(* Let $p$ be an odd prime, $k\in\{-1,1\}$, $n\ge1$, and let $L_n^k(f,p)$ be a Legendre graph of order $n$. Put $q=\lfloor n/p\rfloor$, $r=n-qp$, $\psi=\max\{0,\,2r-p+1\}$, $\delta_s=1$ if $s$ is even and $\delta_s=0$ if $s$ is odd, and $$\mathcal S_1=\sum_{\substack{s=2\\ s\ne p}}^{r+1}(s-1-\delta_s)(s/p),\qquad \mathcal S_2=\sum_{\substack{s=r+2\\ s\ne p}}^{2r}(2r-s+1-\delta_s)(s/p)$$ (empty sums are $0$). Then the number of edges of $L_n^k(f,p)$ equals $$\frac14\left[n^2-n-2nq+pq^2+q-\psi+k(\mathcal S_1+\mathcal S_2)\right].$$ In particular this number does not depend on the bijection $f$.
   Context: For an odd prime $p$ and an integer $a$ not divisible by $p$, $(a/p)$ denotes the Legendre symbol: $1$ if $a$ is a quadratic residue mod $p$, $-1$ otherwise. For $k\in\{-1,1\}$, a Legendre graph $L_n^k(f,p)$ of order $n$ is a simple graph on an $n$-element vertex set $V$ together with a bijection $f:V\to\{1,2,\dots,n\}$, whose edges are exactly the pairs $\{a,b\}$ of distinct vertices with $p\nmid f(a)+f(b)$ and $((f(a)+f(b))/p)=k$. *)

From mathcomp Require Import all_boot all_order all_algebra.
Set Implicit Arguments. Unset Strict Implicit. Unset Printing Implicit Defensive.
Import Order.TTheory GRing.Theory Num.Theory.
Local Open Scope ring_scope.

Definition legendre (a p : nat) : int :=
  if (p %| a)%N then 0
  else if [exists x : 'I_p, (x * x == a %[mod p])%N] then 1 else -1.

Definition legendre_adj (V : finType) (f : V -> nat) (p : nat) (k : int)
  (a b : V) : bool :=
  [&& a != b, ~~ (p %| f a + f b)%N & legendre (f a + f b) p == k].

Definition legendre_edges (V : finType) (f : V -> nat) (p : nat) (k : int)
  : {set {set V}} :=
  [set e : {set V} | [exists a : V, exists b : V,
     legendre_adj f p k a b && (e == [set a; b])]].

Definition delta (s : nat) : int := (~~ odd s)%:R.

From mathcomp Require Import all_boot all_order all_algebra zify ring lra.
Set Implicit Arguments. Unset Strict Implicit. Unset Printing Implicit Defensive.
Import Order.TTheory GRing.Theory Num.Theory.
Local Open Scope ring_scope.

(* Relabel the vertices by f, so that the edges are the pairs 1 <= i < j <= n
   with p not dividing i + j and ((i + j)/p) = k.  For such a sum s the edge
   indicator is (1 + k (s/p)) / 2, hence 4 |E| = 2 N + 2 k L, where N counts
   the pairs with p not dividing i + j and L sums ((i + j)/p) over all pairs.
   Adding the vertex n + 1 adds the sums n + 2, ..., 2n + 1, which gives the
   closed form of 2 N by induction on n.  L is periodic in n with period p:
   the Legendre symbol sums to 0 over a period (a class a has 1 + (a/p) square
   roots mod p), and so do the increments of L, because j |-> 2j + 2 and
   j |-> j + 2 permute Z/p.  Finally, for n = r < p, grouping the pairs by
   their sum s shows that 2 L = S1 + S2. *)

Definition periodic (R : Type) (p : nat) (F : nat -> R) := forall s, F (s + p)%N = F s.

Section Periodic.
Variables (R : zmodType) (p : nat) (F : nat -> R).
Hypothesis F_per : periodic p F.

Lemma periodic_mod s : F s = F (s %% p).
Proof.
rewrite {1}(divn_eq s p) addnC; elim: (s %/ p)%N => [|m IH]; first by rewrite addn0.
by rewrite mulSn addnCA addnC F_per.
Qed.

Lemma sum_periodic_window x : \sum_(x <= s < x + p) F s = \sum_(0 <= s < p) F s.
Proof.
elim: x => [|x <-]; first by rewrite add0n.
apply: (addrI (F x)); rewrite -big_ltn addSn ?ltnS ?leq_addr //.
by rewrite big_nat_recr ?leq_addr //= F_per addrC.
Qed.

Lemma sum_periodic_affine a b : coprime a p ->
  \sum_(0 <= j < p) F (a * j + b) = \sum_(0 <= j < p) F j.
Proof.
move=> co_ap; case: (posnP p) => [-> | p_gt0]; first by rewrite !big_geq.
pose g (j : 'I_p) : 'I_p := Ordinal (ltn_pmod (a * j + b) p_gt0).
have g_inj : injective g.
  move=> i j /(congr1 val) /= /eqP; rewrite eqn_modDr => eq_ij; apply/val_inj => /=.
  wlog le_ji : i j eq_ij / (j <= i)%N.
    by move=> W; case: (leqP j i) => [|/ltnW] /W ->; rewrite // eq_sym.
  move: eq_ij; rewrite eqn_mod_dvd ?leq_mul2l ?le_ji ?orbT // -mulnBr.
  rewrite Gauss_dvdr 1?coprime_sym // => /dvdn_leq; have := ltn_ord i; lia.
rewrite !big_mkord [RHS](reindex_inj g_inj).
by apply: eq_bigr => j _; rewrite periodic_mod.
Qed.

Lemma periodic_prefix_sum : \sum_(0 <= s < p) F s = 0 ->
  periodic p (fun x => \sum_(0 <= s < x) F s).
Proof.
move=> F_sum0 x; rewrite (@big_cat_nat _ _ _ x) ?leq_addr //=.
by rewrite sum_periodic_window F_sum0 addr0.
Qed.

End Periodic.

(* [pair_sum F n] sums F (i + j) over the pairs 1 <= i < j <= n, grouped by
   j: the window of j collects the sums i + j.+1 with 1 <= i <= j. *)
Definition window_sum (R : zmodType) (F : nat -> R) (j : nat) : R :=
  \sum_(j.+2 <= s < (2 * j).+2) F s.

Definition pair_sum (R : zmodType) (F : nat -> R) (n : nat) : R :=
  \sum_(0 <= j < n) window_sum F j.

Lemma eq_pair_sum (R : zmodType) (F G : nat -> R) n :
  F =1 G -> pair_sum F n = pair_sum G n.
Proof. by move=> eq_FG; apply: eq_bigr => j _; apply: eq_bigr => s _. Qed.

Lemma pair_sumD (R : zmodType) (F G : nat -> R) n :
  pair_sum (fun s => F s + G s) n = pair_sum F n + pair_sum G n.
Proof.
by rewrite /pair_sum /window_sum -big_split; apply: eq_bigr => j _; rewrite big_split.
Qed.

Lemma pair_sumMl (R : pzRingType) (c : R) (F : nat -> R) n :
  pair_sum (fun s => c * F s) n = c * pair_sum F n.
Proof.
by rewrite /pair_sum /window_sum mulr_sumr; apply: eq_bigr => j _; rewrite mulr_sumr.
Qed.

Lemma pair_sum_iota (R : zmodType) (F : nat -> R) n :
  \sum_(1 <= x < n.+1) \sum_(1 <= y < n.+1) (if (x < y)%N then F (x + y)%N else 0)
  = pair_sum F n.
Proof.
rewrite exchange_big_nat /pair_sum big_add1 /=.
apply: eq_big_nat => j /andP[_ j_lt]; rewrite /window_sum -[j.+2]/(1 + j.+1)%N big_addn.
rewrite (_ : (2 * j).+2 - j.+1 = j.+1)%N; last by lia.
rewrite [RHS](big_nat_widen _ _ n.+1) 1?[RHS]big_mkcond //; exact: ltnW.
Qed.

Section PeriodicPairSums.
Variables (R : zmodType) (p : nat) (F : nat -> R).
Hypotheses (p_odd : odd p) (F_per : periodic p F) (F_sum0 : \sum_(0 <= s < p) F s = 0).

Let prefix x := \sum_(0 <= s < x) F s.

Let prefix_per : periodic p prefix.
Proof. exact: periodic_prefix_sum. Qed.

Let window_sum_prefix j : window_sum F j = prefix (2 * j).+2 - prefix j.+2.
Proof.
rewrite /prefix (@big_cat_nat _ _ _ j.+2 0 (2 * j).+2) //=; last by lia.
by rewrite addrC addrK.
Qed.

Lemma window_sum_periodic : periodic p (window_sum F).
Proof.
move=> j; rewrite !window_sum_prefix.
have -> : (2 * (j + p)).+2 = (2 * j).+2 + p + p by lia.
have -> : (j + p).+2 = j.+2 + p by lia.
by rewrite !prefix_per.
Qed.

Lemma sum_window_sum_period : \sum_(0 <= j < p) window_sum F j = 0.
Proof.
(* j |-> 2j + 2 and j |-> j + 2 both permute the residues mod p *)
have shift j : window_sum F j = prefix (2 * j + 2) - prefix (1 * j + 2).
  by rewrite window_sum_prefix mul1n !addn2.
under eq_bigr do rewrite shift.
by rewrite sumrB !(sum_periodic_affine prefix_per) ?subrr ?coprime1n ?coprime2n.
Qed.

Lemma pair_sum_mod n : pair_sum F n = pair_sum F (n %% p).
Proof.
apply: periodic_mod; apply: periodic_prefix_sum.
  exact: window_sum_periodic.
exact: sum_window_sum_period.
Qed.

End PeriodicPairSums.

Lemma delta_double m : delta (2 * m) = 1.
Proof. by rewrite /delta mul2n odd_double. Qed.

Lemma delta_doubleS m : delta (2 * m).+1 = 0.
Proof. by rewrite /delta mul2n /= odd_double. Qed.

Section WeightedSums.
Variable F : nat -> int.

(* The sums S1 and S2 of the statement for a general F (without the harmless
   restriction s != p): s - 1 - delta s and tail_weight r s are twice the
   number of ways to write s = i + j with 1 <= i < j <= r. *)
Definition head_sum (r : nat) : int :=
  \sum_(2 <= s < r.+2) (s%:Z - 1 - delta s) * F s.

Definition tail_weight (r s : nat) : int := 2 * r%:Z - s%:Z + 1 - delta s.

Definition tail_sum (r : nat) : int :=
  \sum_(r.+2 <= s < (2 * r).+1) tail_weight r s * F s.

Lemma head_sumS m : head_sum m.+1 = head_sum m + (m.+1%:Z - delta m.+2) * F m.+2.
Proof. by rewrite /head_sum big_nat_recr //; congr (_ + _ * _); lia. Qed.

Lemma tail_sum_widen m :
  tail_sum m = \sum_(m.+2 <= s < (2 * m).+2) tail_weight m s * F s.
Proof.
case: m => [|m]; first by rewrite /tail_sum !big_geq.
rewrite /tail_sum [RHS]big_nat_recr /=; last by lia.
suff -> : tail_weight m.+1 (2 * m.+1).+1 = 0 by rewrite mul0r addr0.
by rewrite /tail_weight delta_doubleS; lia.
Qed.

Lemma tail_sumS m : tail_sum m.+1 =
  tail_sum m + 2 * window_sum F m - (m.+1%:Z - delta m.+2) * F m.+2.
Proof.
have -> : tail_sum m.+1 = \sum_(m.+2 <= s < (2 * m).+3) tail_weight m.+1 s * F s
                          - tail_weight m.+1 m.+2 * F m.+2.
  rewrite /tail_sum [in RHS]big_ltn; last by lia.
  have -> : (2 * m.+1).+1 = (2 * m).+3 by lia.
  by rewrite addrC addKr.
rewrite big_nat_recr /=; last by lia.
have -> : tail_weight m.+1 (2 * m).+2 = 0.
  have -> : (2 * m).+2 = 2 * m.+1 by lia.
  by rewrite /tail_weight delta_double; lia.
rewrite mul0r addr0 tail_sum_widen /window_sum mulr_sumr -big_split /=.
congr (_ - _); last by rewrite /tail_weight; congr (_ * _); lia.
by apply: eq_bigr => s _; rewrite /tail_weight; lia.
Qed.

▶ Exercise prompt: Every line above that holds the string "Require" counts once; give the total and nothing more.

▶ Answer to this task: 2